Inflated pageview numbers from repeated (not intentionally refreshed) pageviews

Hi all,

I was tasked to look into an ongoing issue we have: that occasionally some visitors have multiple (sometimes hundreds of) pageviews per visit for the same page/action. The records seem suspicious as the delay between the repeats seem to be about 15-19 seconds - it looks as if the users open a tab and leave it open (you can imagine that the pageview numbers tend to be high when left overnight). It occurs mainly for Safari users, though I have observed some unusual cases with Chrome and Firefox (on Mac and Windows 7).

Some other details:

  • Highly probable for Safari users that have a session more than 10 minutes
  • Seen on mobile (Safari) versions too
  • The tracker is on a page with a number of other scripts and external trackers
  • Currently the Javascript tracker code used is the old document.write version
  • Using version 1.11 at the moment, though the problem has persisted since we started tracking (1.10, though maybe since 1.09)
  • The tracker is on a fairly busy site, with doctype XHTML 1.0 Transitional

The symptoms look the same as if you would put the tracker code on a page that refreshes every 15 s.
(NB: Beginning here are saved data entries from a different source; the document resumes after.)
Definition residue_letter (P : pred nat) i := letter (P (i * m %% n)).

Lemma n_gt0 : 0 < n. Proof. lia. Qed.

Lemma np_m_det : np * m + 1 = mp * n.
Proof. by rewrite mulnC det_right. Qed.

Lemma nm_inv : nm * m = 1 %[mod n].
Proof. by rewrite mulnC det_left modnMDl. Qed.

Lemma residue_l i : (i * m %% n == l) = (i %% n == e).
Proof. exact: residue_eq nm_inv i l lt_ln. Qed.

Lemma residue_0 i : (i * m %% n == 0) = (i %% n == 0).
Proof. by rewrite (residue_eq nm_inv i n_gt0) mod0n. Qed.

Lemma e_gt0 : 0 < e.
Proof.
have := residue_l (l * nm); rewrite eqxx => /eqP vl.
by rewrite lt0n -residue_0 vl -lt0n.
Qed.

Lemma e_lt_n : e < n. Proof. exact: ltn_pmod n_gt0. Qed.

Lemma lplusE : n * lplus l n np = l * np + e.
Proof.
have := divn_eq (l * nm) n; set q := l * nm %/ n => lnm.
have E : l * np + e = (l - q) * n.
  have ln : l * n = l * nm + l * np by rewrite -mulnDr nmnp.
  by rewrite mulnBl; lia.
rewrite /lplus (_ : l * np + n.-1 = (l - q) * n + (n.-1 - e)); last first.
  by have := e_lt_n; lia.
have small : n.-1 - e < n by lia.
by rewrite divnMDl ?n_gt0 // divn_small // addn0 mulnC E.
Qed.

Lemma lminusE : l * nm = n * lminus l n nm + e.
Proof. by rewrite /lminus {1}(divn_eq (l * nm) n) mulnC. Qed.

Lemma residue_letter_periodic P i : residue_letter P (i + n) = residue_letter P i.
Proof. by rewrite /residue_letter mulnDl addnC [n * _]mulnC modnMDl. Qed.

Lemma S_residueE : S = mkseq (residue_letter (fun s => s < l)) n.
Proof. exact: Fw_natE. Qed.

Lemma wflip_S_ldE : wflip S (l * nm) = mkseq (residue_letter (fun s => s <= l)) n.
Proof.
rewrite S_residueE wflip_mkseq; apply: eq_in_mkseq => i lt_in.
rewrite /residue_letter -{1}(modn_small lt_in) -residue_l.
by case: eqP => [-> | /eqP ne_vl] /=; rewrite ?ltnn ?leqnn // ltn_neqAle ne_vl.
Qed.

Lemma wflip_S_0E : wflip S 0 = mkseq (residue_letter (fun s => 0 < s < l)) n.
Proof.
rewrite S_residueE wflip_mkseq; apply: eq_in_mkseq => i lt_in.
rewrite /residue_letter mod0n -{1}(modn_small lt_in) -residue_0.
by case: eqP => [-> | /eqP ne_v0] /=; rewrite ?l_gt0 // lt0n ne_v0.
Qed.

Local Notation Mp := (k * m + mp).
Local Notation Np := (k * n + np).
Local Notation Mm := (k * m + mm).
Local Notation Nm := (k * n + nm).

Lemma det_plus : Mp * n = m * Np + 1.
Proof. by rewrite mulnDl det_right mulnDr; lia. Qed.

Lemma det_minus : m * Nm = Mm * n + 1.
Proof. by rewrite mulnDr det_left mulnDl; lia. Qed.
I’ve been focusing on browser-specific quirks and though the old auto-refresh issues with the Webkit implementation (Stop Safari Auto-Refreshing Web Pages in Mac OS X Lion) as I’ve seen it affect Chrome, but I’m not so sure.

I would like to know:

  • Is this a common issue? Has anyone seen such a pattern? I’ve hunted around and not found any other reports like this
  • Can anyone confirm browser quirks when document.write and DOM-append are combined
  • I’ve tried to test with a minimal web page setup but not been able to replicate the problem. What other ways can I introduce to the test page to try and emulate the conditions that cause this?

If you could also add info on server setup and versioning, cms setup of pages created, it might help in identifying any issues. Also take a look at web logs and see if there is any errors there that might point to things.

regards

Thanks for the swift reply!

I was afraid of that. I’m not too familiar with the live server setup and asking for web logs is rather painful (and I probably can’t reveal too much details with the implementations). From what I have seen of the web logs multiple requests have been fired, coinciding with the visitor logs.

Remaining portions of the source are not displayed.